Action item
Below are some entries. Copy each line that holds the string "inord".

Exercise material

*** Block opens ***

(* Let $A,B,C$ be a bipartite LR triple over $\mathbb F$ of diameter $d$. Then $d$ is even, and for $0\le i\le d$ each of $\alpha_i,\alpha'_i,\alpha''_i,\beta_i,\beta'_i,\beta''_i$ is zero if $i$ is odd and nonzero if $i$ is even.
   Context: Let $V$ be a vector space over a field $\mathbb F$ with $\dim V=d+1$. A decomposition of $V$ is a sequence $(V_i)_{i=0}^d$ of one-dimensional subspaces with $V=\bigoplus V_i$; $X$ lowers it if $XV_i=V_{i-1}$ ($1\le i\le d$), $XV_0=0$; raises it if $XV_i=V_{i+1}$ ($0\le i\le d-1$), $XV_d=0$. An ordered pair $X,Y$ is an LR pair if some decomposition (unique, the $(X,Y)$-decomposition) is lowered by $X$ and raised by $Y$. An LR triple is $A,B,C\in\mathrm{End}(V)$ with $A,B$; $B,C$; $C,A$ LR pairs. With $E_i,E'_i,E''_i$ the projections onto the $i$-th components of the $(A,B)$-, $(B,C)$-, $(C,A)$-decompositions, the LR triple is bipartite if $\mathrm{tr}(CE_i)=\mathrm{tr}(AE'_i)=\mathrm{tr}(BE''_i)=0$ for all $0\le i\le d$. An $(X,Y)$-basis is a basis $(v_i)$ with $v_i$ in the $i$-th component of the $(X,Y)$-decomposition and $Xv_i=v_{i-1}$ ($1\le i\le d$). An upper triangular Toeplitz matrix with parameters $(\gamma_i)_{i=0}^d$ has $(i,k)$-entry $\gamma_{k-i}$ for $i\le k$ and $0$ otherwise; two bases are compatible if the transition matrix between them is upper triangular Toeplitz with diagonal $1$. The transition matrix from a $(C,B)$-basis to a compatible $(C,A)$-basis (resp. from an $(A,C)$-basis to a compatible $(A,B)$-basis; from a $(B,A)$-basis to a compatible $(B,C)$-basis) exists and is independent of choices; its parameters are $(\alpha_i)$ (resp. $(\alpha'_i)$; $(\alpha''_i)$), and those of its inverse are $(\beta_i)$ (resp. $(\beta'_i)$; $(\beta''_i)$). *)

(* V = 'rV[F]_(d.+1) (dim V = d+1); an endomorphism X of V is
   a square matrix acting on row vectors: X v := v *m X.  Subspaces of V are
   represented by (row spaces of) square matrices, as in mxalgebra. *)
From HB Require Import structures.
From mathcomp Require Import all_boot all_order all_algebra.
Set Implicit Arguments. Unset Strict Implicit. Unset Printing Implicit Defensive.
Import GRing.Theory.
Local Open Scope ring_scope.

Section LR.
Variables (F : fieldType) (d : nat).
Local Notation n := d.+1.

Definition is_decomposition (D : 'I_n -> 'M[F]_n) : Prop :=
  (forall i, \rank (D i) = 1%N) /\
  mxdirect (\sum_(i < n) D i) /\ (\sum_(i < n) D i == 1%:M)%MS.

Definition lowers (X : 'M[F]_n) (D : 'I_n -> 'M[F]_n) : Prop :=
  forall i : 'I_n,
    if i == ord0 then D i *m X = 0 else (D i *m X == D (inord i.-1))%MS.

Definition raises (X : 'M[F]_n) (D : 'I_n -> 'M[F]_n) : Prop :=
  forall i : 'I_n,
    if i == ord_max then D i *m X = 0 else (D i *m X == D (inord i.+1))%MS.

Definition XY_decomposition (X Y : 'M[F]_n) (D : 'I_n -> 'M[F]_n) : Prop :=
  is_decomposition D /\ lowers X D /\ raises Y D.

Definition LR_pair (X Y : 'M[F]_n) : Prop := exists D, XY_decomposition X Y D.

Definition LR_triple (A B C : 'M[F]_n) : Prop :=
  LR_pair A B /\ LR_pair B C /\ LR_pair C A.

Definition comp_proj (D : 'I_n -> 'M[F]_n) (i : 'I_n) : 'M[F]_n :=
  proj_mx (D i) (\sum_(j < n | j != i) D j).

Definition bipartite (A B C : 'M[F]_n) : Prop :=
  LR_triple A B C /\
  forall D D' D'', XY_decomposition A B D -> XY_decomposition B C D' ->
    XY_decomposition C A D'' ->
    forall i : 'I_n,
      \tr (comp_proj D i *m C) = 0 /\ \tr (comp_proj D' i *m A) = 0 /\
      \tr (comp_proj D'' i *m B) = 0.

(* A basis (v_i) is encoded as the matrix U with row i U = v_i.
   (X,Y)-basis: v_i lies in the i-th component of the (X,Y)-decomposition and
   X v_i = v_{i-1} (1 <= i <= d). *)
Definition XY_basis (X Y : 'M[F]_n) (U : 'M[F]_n) : Prop :=
  U \in unitmx /\
  exists D, XY_decomposition X Y D /\
    forall i : 'I_n, (row i U <= D i)%MS /\
      (i != ord0 -> row i U *m X = row (inord i.-1) U).

(* Transition matrix S from basis U to basis W: w_j = sum_i S_{ij} u_i,
   i.e. W = S^T *m U. *)
Definition trans_mx (U W : 'M[F]_n) : 'M[F]_n := (W *m invmx U)^T.

Definition toeplitz (g : nat -> F) : 'M[F]_n :=
  \matrix_(i < n, k < n) if (i <= k)%N then g (k - i)%N else 0.

Definition compatible (U W : 'M[F]_n) : Prop :=
  exists g : nat -> F, g 0%N = 1 /\ trans_mx U W = toeplitz g.

Definition param (T : 'M[F]_n) (i : 'I_n) : F := T ord0 i.

Definition parity_pattern (T : 'M[F]_n) : Prop :=
  forall i : 'I_n, (odd i -> param T i = 0) /\ (~~ odd i -> param T i != 0).

End LR.

From HB Require Import structures.
From mathcomp Require Import all_boot all_order all_algebra.
From mathcomp Require Import zify.
Set Implicit Arguments. Unset Strict Implicit. Unset Printing Implicit Defensive.
Import GRing.Theory.
Local Open Scope ring_scope.

(* Let U be a basis adapted to the (C,B)-decomposition and M the matrix of A in
   it.  The bipartite condition says that M has zero diagonal.  Any basis
   adapted to the (A,B)-decomposition is also raised by B, and any basis adapted
   to the (C,A)-decomposition is also lowered by C, so the transition matrices
   between these bases and U are triangular; conjugating the weighted shifts by
   which A acts on them shows that M is tridiagonal with nonzero off-diagonal
   entries.  Let x be the last row of the transition matrix from U to a basis
   adapted to the (C,A)-decomposition: A kills the last vector of that basis,
   so x M = 0, and x_d <> 0.  Column j of x M = 0 reads
   x_(j-1) M_(j-1,j) + x_(j+1) M_(j+1,j) = 0, so x_i = 0 exactly when d - i is
   odd, and column 0 forces x_1 = 0, i.e. d even.  For compatible bases x lists
   the parameters of the Toeplitz transition matrix in reverse order.  The
   inverse parameters follow by exchanging A and B, and the other two clauses
   by rotating the triple. *)

Section LRTriples.
Variables (F : fieldType) (d : nat).
Local Notation n := d.+1.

*** Block closes ***

Answer space
    if i == ord0 then D i *m X = 0 else (D i *m X == D (inord i.-1))%MS.
    if i == ord_max then D i *m X = 0 else (D i *m X == D (inord i.+1))%MS.
      (i != ord0 -> row i U *m X = row (inord i.-1) U).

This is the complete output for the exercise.